Another interesting and important finding was that OHE patients specifically demonstrated increased FC between thalamic subregions (R Otha, right occipital thalamus and R PPtha, posterior parietal thalamus) and high-level cognitive cortex (e.g. IPL) at baseline, which may be related to severe brain injury caused by episodes of OHE [3738]. As the hyperconnectivity of thalamic subregions with IPL only appeared in the OHE group, we speculated that this may be an important feature for OHE. IPL is related to the integration of perceptual and cognitive processing [39] and is a core component of the default mode network (DMN). The DMN is an important high-level cognitive network, and thus the enhanced thalamus-IPL FC may be due to more severe cognitive impairment in patients with OHE. This evidence was further verified by the observed negative correlations between FC of these two thalamic subregions and cognitive ability in the present study, where higher FC values of R PPtha-R IPL and R Otha-R IPL were significantly correlated with lower DST scores, indicating poor neuropsychological performance. After LT, all abnormally enhanced FCs were markedly reduced to normal levels. Because of more extensive and broader changes in thalamic FC, it was not surprising that OHE patients showed more improvement in cognitive performance after LT. Our findings are consistent with those of several neuropsychological studies, in which OHE patients showed greater cognitive improvements after LT [78].

In this study, the OHE group had residual cognitive deficits, while the FC in the cortico-thalamic loop was normalized after LT, which seemed to be a “clinical-image discrepancy.” Apart from the potential influence of immunodepressants [40], there might be some other possible reasons for this discrepancy. For instance, we only focused our attention on FC in the cortico-thalamic loop, rather than a whole-brain FC perspective. The recovery of the FC in the cortico-thalamic loop after LT may only be one part of the whole brain network reorganization. Some other FC pathways might remain malfunctioning to some extent, which could not be reflected in this study.

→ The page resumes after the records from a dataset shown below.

(* In the Tempered Gibbs Sampler setting below, let $b=\sup_{i,\boldsymbol{x}} f(x_i|\boldsymbol{x}_{-i})/g(x_i|\boldsymbol{x}_{-i})$. Let $\mathbf{X}\sim fZ$ and $W=w(\mathbf{X})$. Then $$\mathrm{Var}(W)\le b-1\qquad\text{and}\qquad \mathrm{var}(h,SIS)\le b\,\mathrm{var}_f(h),$$ where $\mathrm{var}_f(h)=\mathbb{E}_f[h^2]-\mathbb{E}_f[h]^2$.
   Context: Setting: $f$ is a probability density on $\mathcal{X}=\mathcal{X}_1\times\dots\times\mathcal{X}_d$; for each $i,\boldsymbol{x}_{-i}$, $g(\cdot|\boldsymbol{x}_{-i})$ is a probability density on $\mathcal{X}_i$ absolutely continuous w.r.t. the full conditional $f(\cdot|\boldsymbol{x}_{-i})$. Let $p_i(\boldsymbol{x})=g(x_i|\boldsymbol{x}_{-i})/f(x_i|\boldsymbol{x}_{-i})$, $Z(\boldsymbol{x})=\frac1d\sum_i p_i(\boldsymbol{x})$, $w=1/Z$; $fZ$ is a probability density on $\mathcal{X}$. For $h\in L^1(\mathcal{X},f)$, the self-normalised importance sampling estimator is $\hat h_n^{SIS}=\sum_{i=1}^n w(\boldsymbol{y}^{(i)})h(\boldsymbol{y}^{(i)})/\sum_{i=1}^n w(\boldsymbol{y}^{(i)})$ with $\boldsymbol{y}^{(i)}$ i.i.d. from $fZ$, and $\mathrm{var}(h,SIS)=\lim_{n\to\infty}n\,\mathrm{var}(\hat h_n^{SIS})$, which equals $\mathbb{E}_f[\bar h^2 w]$ with $\bar h=h-\mathbb{E}_f[h]$. *)

From HB Require Import structures.
From mathcomp Require Import all_boot all_order all_algebra.
From mathcomp Require Import all_classical all_reals all_analysis.
Set Implicit Arguments. Unset Strict Implicit. Unset Printing Implicit Defensive.
Import Order.TTheory GRing.Theory Num.Theory.
Local Open Scope classical_set_scope.
Local Open Scope ring_scope.

Section TGS.
Context {R : realType} {d0 : measure_display} {X : measurableType d0}.
Variable (mu : {measure set X -> \bar R}).
Variable (d : nat) (f : X -> R) (fc gc : 'I_d -> X -> R).
(* fc i x = f(x_i | x_{-i}),  gc i x = g(x_i | x_{-i}) *)

Definition p_tgs (i : 'I_d) (x : X) : R := gc i x / fc i x.
Definition Z_tgs (x : X) : R := d%:R^-1 * \sum_(i < d) p_tgs i x.
Definition w_tgs (x : X) : R := (Z_tgs x)^-1.

Definition ratio_tgs (i : 'I_d) (x : X) : \bar R :=
  if gc i x == 0 then +oo%E else (fc i x / gc i x)%:E.
Definition b_tgs : \bar R :=
  ereal_sup [set r | exists i x, 0 < fc i x /\ r = ratio_tgs i x].

Definition Ef (F : X -> R) : \bar R := \int[mu]_x (f x * F x)%:E.
Definition EfZ (F : X -> R) : \bar R := \int[mu]_x (f x * Z_tgs x * F x)%:E.

Definition VarW : \bar R :=
  EfZ (fun x => (w_tgs x - fine (EfZ w_tgs)) ^+ 2).

Definition var_f (h : X -> R) : \bar R :=
  Ef (fun x => (h x - fine (Ef h)) ^+ 2).

Definition var_SIS (h : X -> R) : \bar R :=
  Ef (fun x => (h x - fine (Ef h)) ^+ 2 * w_tgs x).

End TGS.

(* Where f > 0 every full conditional f(x_i|x_-i) is positive, so each ratio
   f(x_i|x_-i)/g(x_i|x_-i) is at most b; hence every p_i is at least 1/b, so is
   their average Z, and w = 1/Z <= b. Integrating f w hbar^2 <= b f hbar^2 gives
   the SIS bound. For Var(W), E_fZ[w] = E_f[1] = 1, so expanding the square gives
   Var(W) = E_f[w] - 1 <= b - 1 (written as Var(W) + 2 = E_f[w] + 1 to avoid
   subtracting extended reals). *)

From HB Require Import structures.
From mathcomp Require Import all_boot all_order all_algebra.
From mathcomp Require Import all_classical all_reals all_analysis.
From mathcomp Require Import ring measurable_realfun.
Import Order.TTheory GRing.Theory Num.Theory.
Local Open Scope classical_set_scope.
Local Open Scope ring_scope.

Lemma measurable_invr (R : realType) : measurable_fun setT (@GRing.inv R).
Proof.
have -> : [set: R] = ~` [set 0] `|` [set 0] by rewrite setUC setUv.
apply/measurable_funU => //; first exact: measurableC.
split; last exact: measurable_fun_set1.
apply: open_continuous_measurable_fun.
  by rewrite openC; apply/accessible_closed_set1/hausdorff_accessible/norm_hausdorff.
by move=> x; rewrite inE /= => /eqP x0; exact: inv_continuous.
Qed.

Section nonneg_integral.
Context {R : realType} {d0 : measure_display} {T : measurableType d0}.
Variable mu : {measure set T -> \bar R}.
Local Open Scope ereal_scope.

Lemma ge0_integralD_EFin (g1 g2 : T -> R) :
  measurable_fun setT g1 -> measurable_fun setT g2 ->
  (forall x, 0 <= g1 x)%R -> (forall x, 0 <= g2 x)%R ->
  \int[mu]_x (g1 x + g2 x)%:E = \int[mu]_x (g1 x)%:E + \int[mu]_x (g2 x)%:E.
Proof.
move=> mg1 mg2 g10 g20; under eq_integral do rewrite EFinD.
by apply: ge0_integralD => // [x _||x _|]; rewrite ?lee_fin //;
  exact/measurable_EFinP.
Qed.

Lemma integral_neq0_exists_gt0 (g : T -> R) : (forall x, 0 <= g x)%R ->
  \int[mu]_x (g x)%:E != 0 -> exists x, (0 < g x)%R.
Proof.
move=> g0; apply: contra_neqP => /forallNP g_le0; rewrite -(integral0 mu setT).
apply: eq_integral => x _; congr EFin; apply/eqP.
by rewrite eq_le g0 andbT leNgt; apply/negP/g_le0.
Qed.

Lemma ge0_integral_mulr_le (g w : T -> R) (b : \bar R) :
  measurable_fun setT g -> measurable_fun setT w ->
  (forall x, 0 <= g x)%R -> (forall x, 0 <= w x)%R ->
  (forall x, (0 < g x)%R -> (w x)%:E <= b) ->
  \int[mu]_x (g x * w x)%:E <= b * \int[mu]_x (g x)%:E.
Proof.
move=> mg mw g0 w0 wb.
have mEg : measurable_fun setT (EFin \o g) by exact/measurable_EFinP.
have [ig0|ig_neq0] := eqVneq (\int[mu]_x (g x)%:E) 0.
  have g_ae0 : ae_eq mu setT (EFin \o g) (cst 0).
    apply/(ae_eq_integral_abs mu measurableT mEg); rewrite -[RHS]ig0.
    by apply: eq_integral => x _ /=; rewrite ger0_norm.
  rewrite ig0 mule0 (ae_eq_integral (cst 0)) ?integral0 //.
    exact/measurable_EFinP/measurable_funM.
  apply: filterS g_ae0 => x /= gx0 /gx0 [] ->.
  by rewrite mul0r.
have [x0 gx0] := integral_neq0_exists_gt0 _ g0 ig_neq0.
have : 0 <= b by apply: le_trans (wb x0 gx0); rewrite lee_fin.
case: b wb => [r| |] //= wb r0.
- rewrite -ge0_integralZl_EFin //; last by move=> x _; rewrite lee_fin.
  apply: ge0_le_integral => //.
  + by move=> x _; rewrite lee_fin mulr_ge0.
  + exact/measurable_EFinP/measurable_funM.
  + exact: measurable_funeM.
  move=> x _; rewrite -EFinM lee_fin mulrC.
  have [gx_eq0|gx_gt0] := eqVneq (g x) 0%R; first by rewrite gx_eq0 !(mulr0, mul0r).
  by rewrite ler_wpM2r // -lee_fin wb // lt_neqAle eq_sym gx_gt0 g0.
- rewrite gt0_mulye ?leey // lt_neqAle eq_sym ig_neq0 /=.
  by apply: integral_ge0 => x _; rewrite lee_fin.
Qed.

End nonneg_integral.

Section tempered_gibbs.
Context {R : realType} {d0 : measure_display} {X : measurableType d0}.
Variables (mu : {measure set X -> \bar R}) (d : nat) (f : X -> R).
Variables (fc gc : 'I_d -> X -> R).
Hypothesis d_gt0 : (0 < d)%N.
Hypotheses (fc_ge0 : forall i x, 0 <= fc i x) (gc_ge0 : forall i x, 0 <= gc i x).
Hypotheses (fc_meas : forall i, measurable_fun setT (fc i))
  (gc_meas : forall i, measurable_fun setT (gc i)).

Local Notation p := (p_tgs fc gc).
Local Notation Z := (Z_tgs fc gc).
Local Notation w := (w_tgs fc gc).
Local Notation b := (b_tgs fc gc).

Lemma Z_tgs_ge0 x : 0 <= Z x.
Proof.
rewrite /Z_tgs mulr_ge0 ?invr_ge0 ?ler0n ?sumr_ge0 // => i _.
by rewrite /p_tgs divr_ge0.
Qed.

Lemma w_tgs_ge0 x : 0 <= w x.
Proof. by rewrite /w_tgs invr_ge0 Z_tgs_ge0. Qed.

Lemma measurable_Z_tgs : measurable_fun setT Z.
Proof.
apply: measurable_funM; first exact: measurable_cst.
apply: measurable_sum => i; apply: measurable_funM => //.
exact: measurableT_comp (measurable_invr R) (fc_meas i).
Qed.

Lemma measurable_w_tgs : measurable_fun setT w.
Proof. exact: measurableT_comp (measurable_invr R) measurable_Z_tgs. Qed.

Lemma ratio_tgs_ge0 i x : (0 <= ratio_tgs fc gc i x)%E.
Proof. by rewrite /ratio_tgs; case: ifP => // _; rewrite lee_fin divr_ge0. Qed.

Lemma ratio_tgs_le_b i x : 0 < fc i x -> (ratio_tgs fc gc i x <= b)%E.
Proof. by move=> fcx; apply: ereal_sup_ubound; exists i, x. Qed.

Lemma mul_p_tgs_ge1 r i x : b = r%:E -> 0 < fc i x -> 1 <= r * p i x.
Proof.
move=> br fcx; have := ratio_tgs_le_b _ _ fcx; rewrite br /ratio_tgs.
have [//|gcx_neq0] := eqVneq (gc i x) 0; rewrite lee_fin => ratio_le.
have gcx : 0 < gc i x by rewrite lt_neqAle eq_sym gcx_neq0 gc_ge0.
have p_gt0 : 0 < p i x by rewrite divr_gt0.
by move: (ler_wpM2r (ltW p_gt0) ratio_le); rewrite -invf_div mulVf // gt_eqF.
Qed.

Lemma mul_Z_tgs_ge1 r x : b = r%:E -> (forall i, 0 < fc i x) -> 1 <= r * Z x.
Proof.
move=> br fcx; have d_pos : 0 < d%:R :> R by rewrite ltr0n.
rewrite /Z_tgs mulrCA mulr_sumr -[leLHS](mulVf (lt0r_neq0 d_pos)).
apply: ler_wpM2l; first by rewrite invr_ge0 ltW.
have -> : d%:R = \sum_(i < d) (1 : R) by rewrite sumr_const card_ord.
by apply: ler_sum => i _; exact: mul_p_tgs_ge1.
Qed.

Lemma Z_tgs_gt0 x : b \is a fin_num -> (forall i, 0 < fc i x) -> 0 < Z x.
Proof.
move=> /fineK/esym br fcx; rewrite lt_neqAle Z_tgs_ge0 andbT.
by move: (mul_Z_tgs_ge1 _ _ br fcx); apply: contraTneq => <-; rewrite mulr0 ler10.
Qed.

Lemma w_tgs_le_b x : (forall i, 0 < fc i x) -> ((w x)%:E <= b)%E.
Proof.
move=> fcx; have : (0 <= b)%E.
  exact: le_trans (ratio_tgs_ge0 (Ordinal d_gt0) x) (ratio_tgs_le_b _ _ (fcx _)).
case Eb : b => [r| |] //= _; last exact: leey.
rewrite lee_fin /w_tgs -div1r ler_pdivrMr ?(Z_tgs_gt0 _ _ fcx) ?Eb //.
exact: mul_Z_tgs_ge1.
Qed.

Hypotheses (f_ge0 : forall x, 0 <= f x) (f_meas : measurable_fun setT f).
Hypotheses (f_prob : (\int[mu]_x (f x)%:E = 1)%E)
  (fZ_prob : (\int[mu]_x (f x * Z x)%:E = 1)%E).
Hypothesis fc_pos : forall i x, 0 < f x -> 0 < fc i x.

Let fc_gt0 x : f x != 0 -> forall i, 0 < fc i x.
Proof. by move=> fx_neq0 i; apply: fc_pos; rewrite lt_neqAle eq_sym fx_neq0 f_ge0. Qed.

Lemma Ef_w_tgs_le_b : (Ef mu f w <= b)%E.
Proof.
rewrite -[leRHS]mule1 -f_prob; apply: ge0_integral_mulr_le => //.
- exact: measurable_w_tgs.
- exact: w_tgs_ge0.
- by move=> x /gt_eqF/negbT/fc_gt0; exact: w_tgs_le_b.
Qed.

Lemma EfZ_w_tgs : b \is a fin_num -> EfZ mu f fc gc w = 1%E.
Proof.
move=> b_fin; rewrite /EfZ -f_prob; apply: eq_integral => x _; congr EFin.
have [->|/fc_gt0 fcx] := eqVneq (f x) 0; first by rewrite !mul0r.
by rewrite -mulrA mulfV ?mulr1 // gt_eqF // (Z_tgs_gt0 _ b_fin fcx).
Qed.

Lemma VarW_integrandE_tgs x : b \is a fin_num ->
  f x * Z x * (w x - 1) ^+ 2 + 2 * f x = f x * w x + f x * Z x.
Proof.
move=> b_fin; have [->|/fc_gt0 fcx] := eqVneq (f x) 0.
  by rewrite !(mul0r, mulr0, addr0).
have Zw : Z x * w x = 1 by rewrite mulfV // gt_eqF // (Z_tgs_gt0 _ b_fin fcx).
suff -> : f x * Z x * (w x - 1) ^+ 2 + 2 * f x =
          f x * w x + f x * Z x + f x * (w x - 2) * (Z x * w x - 1).
  by rewrite Zw subrr mulr0 addr0.
by ring.
Qed.

Lemma VarW_tgs_add2 : b \is a fin_num -> (VarW mu f fc gc + 2%:E = Ef mu f w + 1)%E.
Proof.
move=> b_fin; rewrite /VarW (EfZ_w_tgs b_fin) /=.
have int_2f : (\int[mu]_x (2 * f x)%:E = 2%:E)%E.
  under eq_integral do rewrite EFinM.
  rewrite ge0_integralZl_EFin ?f_prob ?mule1 //; last exact/measurable_EFinP.
  by move=> x _; rewrite lee_fin.
have mZ := measurable_Z_tgs; have mw := measurable_w_tgs.
rewrite /EfZ /Ef -int_2f -ge0_integralD_EFin //; first last.
- by move=> x; apply: mulr_ge0 (ler0n _ 2) (f_ge0 x).
- by move=> x; apply: mulr_ge0 (mulr_ge0 (f_ge0 x) (Z_tgs_ge0 x)) (sqr_ge0 _).
- exact: measurable_funM.
- apply: measurable_funM; first exact: measurable_funM.
  by apply/measurable_funX/measurable_funB => //; exact: measurable_cst.
under eq_integral do rewrite VarW_integrandE_tgs //.
rewrite ge0_integralD_EFin ?fZ_prob //.
- exact: measurable_funM.
- exact: measurable_funM.
- by move=> x; rewrite mulr_ge0 ?w_tgs_ge0.
- by move=> x; apply: mulr_ge0 (f_ge0 x) (Z_tgs_ge0 x).
Qed.

Lemma VarW_tgs_le_b : (VarW mu f fc gc <= b - 1)%E.
Proof.
have := Ef_w_tgs_le_b; case Eb : b => [r| |] Efw_le.
- rewrite lee_suber_addr // -(@leeD2rE _ 1%E) // -addeA -EFinD.
  by rewrite VarW_tgs_add2 ?Eb // leeD2rE.
- by rewrite addye ?leey.
- suff : (0 <= Ef mu f w)%E by rewrite leNgt (le_lt_trans Efw_le) ?ltNyr.
  by apply: integral_ge0 => x _; rewrite lee_fin mulr_ge0 ?w_tgs_ge0.
Qed.

Variable h : X -> R.
Hypothesis h_meas : measurable_fun setT h.

Lemma var_SIS_tgs_le : (var_SIS mu f fc gc h <= b * var_f mu f h)%E.
Proof.
rewrite /var_SIS /var_f /Ef; under eq_integral do rewrite mulrA.
apply: ge0_integral_mulr_le.
- apply: measurable_funM => //.
  by apply/measurable_funX/measurable_funB => //; exact: measurable_cst.
- exact: measurable_w_tgs.
- by move=> x; rewrite mulr_ge0 ?sqr_ge0.
- exact: w_tgs_ge0.
- move=> x /gt_eqF/negbT; rewrite mulf_eq0 negb_or => /andP[/fc_gt0 fcx _].
  exact: w_tgs_le_b.
Qed.

End tempered_gibbs.

Theorem proposition2 (R : realType) (d0 : measure_display) (X : measurableType d0)
  (mu : {measure set X -> \bar R}) (d : nat)
  (f : X -> R) (fc gc : 'I_d -> X -> R) (h : X -> R)
  (d_gt0 : (0 < d)%N)
  (f_ge0 : forall x, 0 <= f x)
  (f_meas : measurable_fun setT f)
  (f_prob : (\int[mu]_x (f x)%:E = 1)%E)
  (fc_ge0 : forall i x, 0 <= fc i x)
  (gc_ge0 : forall i x, 0 <= gc i x)
  (fc_meas : forall i, measurable_fun setT (fc i))
  (gc_meas : forall i, measurable_fun setT (gc i))
  (fc_pos : forall i x, 0 < f x -> 0 < fc i x)
  (g_ac : forall i x, fc i x = 0 -> gc i x = 0)
  (fZ_prob : (\int[mu]_x (f x * Z_tgs fc gc x)%:E = 1)%E)
  (h_meas : measurable_fun setT h)
  (h_int : mu.-integrable setT (fun x => (f x * h x)%:E)) :
  (VarW mu f fc gc <= b_tgs fc gc - 1)%E /\
  (var_SIS mu f fc gc h <= b_tgs fc gc * var_f mu f h)%E.
Proof. by split; [apply: VarW_tgs_le_b | apply: var_SIS_tgs_le]. Qed.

There are several limitations to the current study. First, a relatively small sample size might limit the statistical findings. Second, the present study mainly concentrated on short-term FC alterations after LT; therefore, long-term follow-up at multiple time points after LT is warranted. Third, the use of immunosuppressants after LT might have some side effects, which could influence cognitive function [40]. This was inevitable since it was unethical to deprive post-LT patients of these drugs. Both patient groups were administered the drugs to minimize this limitation.

In conclusion, we found an interesting dynamic change in thalamic FC before and after LT. Our findings suggest that the renormalization of FC in the cortico-thalamic loop might be a neuro-substrate for recovery of cognitive function after LT in cirrhotic patients. In addition, hyperconnectivity between thalamic sub-regions with IPL might be an important feature for OHE. The improvement of FC in the OHE group was more prominent than that in the no-OHE group, which might be due to more severe brain damage occurring in OHE before LT. Changes in FC in the thalamus might be used as potential biomarkers for recovery of cognitive function after LT in cirrhotic patients.